Crafton cycled out to the lead on lap 104 and held the point for eight laps. But ultimately, Crafton’s truck lacked the speed to hold off Hill. The veteran’s strategy shifted to holding off the remaining three title contenders over the remaining 23 laps.

“The first run I was like, ‘Oh, boy we’re in trouble,’” Crafton said. “But we just made air-pressure adjustments from there. We made a few adjustments to tighten it up because we thought the track was going to be green, it was going to go away, but this thing ran flawless all night and the motor was very good as well and everything just went our way.

“I was praying there, ‘I do not want a yellow right here at the end of this thing.’”

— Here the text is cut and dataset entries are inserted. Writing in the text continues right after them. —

Lemma herm_perp p : h p p != 0 -> exists r, [/\ h r p = 0, h r r != 0 & indep p r].
Proof.
move=> pp_neq0.
pose r := lscale (h (0, 1) p) (1, 0) + lscale (- h (1, 0) p) (0, 1).
have rp_0 : h r p = 0 by rewrite herm_lin mulNr mulrC addrN.
have r_neq0 : r != 0.
  apply: contra pp_neq0 => /eqP r_0.
  have e2p_0 : h (0, 1) p = 0 by have := congr1 fst r_0; rewrite /= mulr1 mulr0 addr0.
  have e1p_0 : h (1, 0) p = 0.
    apply/eqP; rewrite -oppr_eq0.
    by have := congr1 snd r_0; rewrite /= mulr1 mulr0 add0r => ->.
  suff -> : p = 0 by rewrite herm0l.
  by apply: herm_nondegl => v; rewrite [v]pair_lscaleE herm_lin e1p_0 e2p_0 !mulr0 addr0.
have ind_pr : indep p r.
  move=> x y rel; have /eqP := congr1 (h^~ p) rel.
  rewrite /= herm_lin rp_0 mulr0 addr0 herm0l mulf_eq0 (negbTE pp_neq0) orbF => /eqP x_0.
  move: rel; rewrite x_0 lscale0 add0r => /eqP; rewrite lscale_eq0 (negbTE r_neq0) orbF.
  by move=> /eqP.
have pr_0 : h p r = 0 by apply/eqP; rewrite -herm_eq0C rp_0.
exists r; split => //; apply: contra r_neq0 => /eqP rr_0; apply/eqP/herm_nondegl => v.
have [x [y ->]] := indep_span ind_pr v.
by rewrite herm_lin rr_0 pr_0 !mulr0 addr0.
Qed.

(* Only additivity in the first argument is assumed, so an expansion in the
   second argument goes through [herm_conj] and needs all but one term to
   vanish. *)
Lemma herm_orth_norm u w y : h w u = 0 ->
  h (u + lscale y w) (u + lscale y w) = h u u + y ^+ Q.+1 * h w w.
Proof.
move=> wu_0; have uw_0 : h u w = 0 by apply/eqP; rewrite -herm_eq0C wu_0.
rewrite herm_addl herm_lscalel [h u _]herm_conj [h w _]herm_conj !herm_addl.
rewrite !herm_lscalel wu_0 uw_0 mulr0 addr0 add0r.
by rewrite !herm_self_fixed exprMn herm_self_fixed mulrA -exprS.
Qed.

Lemma herm_exists_aniso : (exists t, t ^+ Q + t != 0) -> exists u, h u u != 0.
Proof.
(* If (1,0), (0,1) are isotropic and b = h (1,0) (0,1), then
   h ((1,0) + s (0,1)) ((1,0) + s (0,1)) = s^Q b + s b^Q; take s = b t. *)
move=> [t t_neq0].
have [e1_iso|] := eqVneq (h (1, 0) (1, 0)) 0; last by exists (1, 0).
have [e2_iso|] := eqVneq (h (0, 1) (0, 1)) 0; last by exists (0, 1).
set b := h (1, 0) (0, 1); have e21 : h (0, 1) (1, 0) = b ^+ Q by rewrite herm_conj.
have b_neq0 : b != 0.
  apply/eqP => b_0; have e1_0 : ((1, 0) : L * L) = 0.
    apply: herm_nondegl => v.
    by rewrite [v]pair_lscaleE herm_lin e1_iso e21 b_0 expr0n gtn_eqF // !mulr0 addr0.
  by have /eqP := congr1 fst e1_0; rewrite oner_eq0.
exists ((1, 0) + lscale (b * t) (0, 1)).
rewrite herm_addl herm_lscalel [h (1, 0) _]herm_conj [h (0, 1) _]herm_conj.
rewrite !herm_addl !herm_lscalel e1_iso e2_iso e21 -/b.
have bQQ : b ^+ Q ^+ Q = b by rewrite -e21 -herm_conj.
rewrite mulr0 addr0 add0r !exprMn bQQ.
have -> : b ^+ Q * t ^+ Q * b + b * t * b ^+ Q = b * b ^+ Q * (t ^+ Q + t) by ring.
by rewrite !mulf_neq0 // expf_neq0.
Qed.

End HermitianForm.

Section LLines.
Variables (K : fieldType) (L : fieldExtType K).
Implicit Types (a : L) (p r v : L * L).

Definition lmul p a : L * L := lscale a p.

Fact lmul_is_linear p : linear (lmul p).
Proof. by move=> k a b; rewrite /lmul /lscale /= !mulrDl -!scalerAl. Qed.

HB.instance Definition _ p :=
  GRing.isLinear.Build K L (L * L)%type *:%R (lmul p) (lmul_is_linear p).

(* Field reduction: the point <p> of PG(1, L) as a K-subspace of L * L. *)
Definition lline p : {vspace (L * L)%type} := (linfun (lmul p) @: fullv)%VS.

Lemma llineP p v : reflect (exists a, v = lscale a p) (v \in lline p).
Proof.
by apply: (iffP memv_imgP) => [[a _ ->]|[a ->]]; exists a; rewrite ?memvf ?lfunE.
Qed.

Lemma dim_lline p : p != 0 -> \dim (lline p) = \dim {:L}.
Proof.
move=> p_neq0; rewrite /lline limg_dim_eq //; apply/eqP; rewrite -subv0.
apply/subvP => a; rewrite memv_cap memvf memv_ker lfunE /= /lmul.
by rewrite lscale_eq0 (negbTE p_neq0) orbF memv0.
Qed.

Lemma lline_lscale a p : a != 0 -> lline (lscale a p) = lline p.
Proof.
move=> a_neq0; apply/vspaceP => v; apply/llineP/llineP => -[b ->].
  by exists (b * a); rewrite lscaleA.
by exists (b / a); rewrite lscaleA divfK.
Qed.

Lemma lline_cap0 p r : indep p r -> (lline p :&: lline r = 0)%VS.
Proof.
move=> ind_pr; apply/eqP; rewrite -subv0; apply/subvP => v.
rewrite memv_cap memv0 => /andP[/llineP[a ->] /llineP[b ab]].
have [-> _] : a = 0 /\ 0 = b by apply: (indep_coord ind_pr); rewrite !lscale0 addr0 add0r.
by rewrite lscale0.
Qed.

End LLines.

Section ProjectiveLine.
Variables (K : finFieldType) (L : fieldExtType K).
Local Notation FL := (FinFieldExtType L).
Implicit Types (a : L) (c d : L * L).

(* Representatives of the points of PG(1, L). *)
Definition proj_coords : seq (L * L) := (0, 1) :: [seq (1, y : L) | y <- enum FL].

Lemma proj_coordsP d : d \in proj_coords -> d = (0, 1) \/ exists y, d = (1, y).
Proof. by rewrite inE => /predU1P[->|/mapP[y _ ->]]; [left | right; exists y]. Qed.
Lemma jrule_decrease : forall t t', jrule t t' -> j_decrease t' t.
Proof.
  intros t t' H; destruct H as [t u Hw|t u Hd|t u t' Hc Hs H0 H1].
  - (* w erases u, whose size is positive *)
    apply weight_occ_0 in Hw. pose proof (wsize_pos u).
    apply shrink; measures; rewrite Hw; [renaming_invariance; lia|].
    intros [|j]; shifted_weights; lia.
  - (* d replaces the single occurrence of x by u *)
    assert (Hx : 1 <= weight 0 t) by (apply pos_weight; lia).
    pose proof (wsize_subst t 0 u). pose proof (wsize_pos u).
    apply shrink; measures; rewrite max1_id by assumption; [nia|].
    intros j. rewrite weight_subst_ge, Nat.sub_0_r by lia. lia.
  - (* c shares the multiplicity of u between the two copies *)
    destruct (weight_split _ _ _ Hs) as [_ [Gt Eq]].
    destruct (measures_split _ _ _ Hs) as [Sz [Fm Nm]].
    apply pos_weight in H0, H1.
    apply duplicate; measures; shifted_weights; rewrite ?max1_id by lia.
    + renaming_invariance; rewrite Sz, <- Eq; ring.
    + intros j; shifted_weights; rewrite Gt, <- Eq by lia; ring.
    + renaming_invariance; rewrite Fm, <- Eq; ring.
    + renaming_invariance; lia.
Qed.

Lemma j_decrease_ctx : forall R : term -> term -> Prop,
  (forall t t', R t t' -> j_decrease t' t) ->
  forall t t', ctx R t t' -> j_decrease t' t.
Proof.
  intros R HR t t' H.
  induction H as [t t' H|t t' _ IH|t t' s _ IH|t t' s _ IH|t t' s _ IH|t t' s _ IH];
    [auto|..]; destruct IH as [Hsz Hw|Hsz Hw Hfm Hnm].
  - apply shrink; measures; auto; lia.
  - apply duplicate; measures; auto.
  - apply shrink; measures; [lia|]. intros j; specialize (Hw j); lia.
  - apply duplicate; measures; [lia| |lia|lia]. intros j; rewrite Hw; lia.
  - apply shrink; measures; [lia|]. intros j; specialize (Hw j); lia.
  - apply duplicate; measures; [lia| |lia|lia]. intros j; rewrite Hw; lia.
  - (* reducing the body of t[x/s] can only lower the multiplicity of s *)
    assert (Hm : forall x, Nat.max 1 (weight 0 t') * x <= Nat.max 1 (weight 0 t) * x)
      by (intros; apply Nat.mul_le_mono_r; specialize (Hw 0); lia).
    apply shrink; measures; [specialize (Hm (wsize s)); lia|].
    intros j; specialize (Hm (weight j s)); specialize (Hw (S j)); lia.
  - apply duplicate; measures;
      [rewrite Hsz, Hw | intros j; rewrite !Hw | rewrite Hfm, Hw | lia]; reflexivity.
  - pose proof (le_max1_mul (weight 0 s) (wsize t)).
    apply shrink; measures; [nia|]. intros j; specialize (Hw j); nia.
  - apply duplicate; measures;
      [rewrite Hsz | intros j; rewrite Hw | rewrite Hfm | lia]; reflexivity.
Qed.

Lemma jmod_lex : forall t u, jmod t u ->
  wsize u < wsize t \/ (wsize u = wsize t /\ wsubs u - nsubs u < wsubs t - nsubs t).
Proof.
  intros t u [t' [u' [Et [Hj Eu]]]].
  destruct (obox_eq_same_measures _ _ Et) as [St [Ft [Nt _]]].
  destruct (obox_eq_same_measures _ _ Eu) as [Su [Fu [Nu _]]].
  pose proof (nsubs_le_wsubs u).
  destruct (j_decrease_ctx jrule jrule_decrease _ _ Hj); lia.
Qed.

Lemma wf_lex_nat : forall (A : Type) (R : A -> A -> Prop) (f g : A -> nat),
  (forall x y, R x y -> f x < f y \/ (f x = f y /\ g x < g y)) -> well_founded R.
Proof.
  intros A R f g Hlex.
  assert (H : forall a b x, f x = a -> g x = b -> Acc R x).
  { intros a; induction a as [a IHa] using lt_wf_ind.
    intros b; induction b as [b IHb] using lt_wf_ind.
    intros x <- <-; constructor; intros y Hy.
    destruct (Hlex y x Hy) as [Hf|[Hf Hg]].
    - exact (IHa _ Hf _ _ eq_refl eq_refl).
    - exact (IHb _ Hg y Hf eq_refl). }
  intros x; exact (H _ _ x eq_refl eq_refl).
Qed.

Theorem corollary28 : well_founded (fun u t => jmod t u).
Proof.
  apply (wf_lex_nat term _ wsize (fun t => wsubs t - nsubs t)).
  intros u t; apply jmod_lex.
Qed.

Crafton’s advantage over Chastain at the finish was 9.2-seconds and two points.

Although it's been 58 races since Crafton's last win, the defeats don't bother him in the least. Neither will what the pundits say.

"When they said without winning a race, winning the championship, you know what, I'm going to sleep really good all winter long with this trophy because when you win a race, that's very sweet, but usually you only have one week, like four or five days to gloat about it," Crafton said. "But I think I've got like two and a half months to gloat about this championship before next year. We all do."

Joiner added, "Yeah, when we walk in the shop and see that banner on the wall, it ain't going to say we didn't win the races."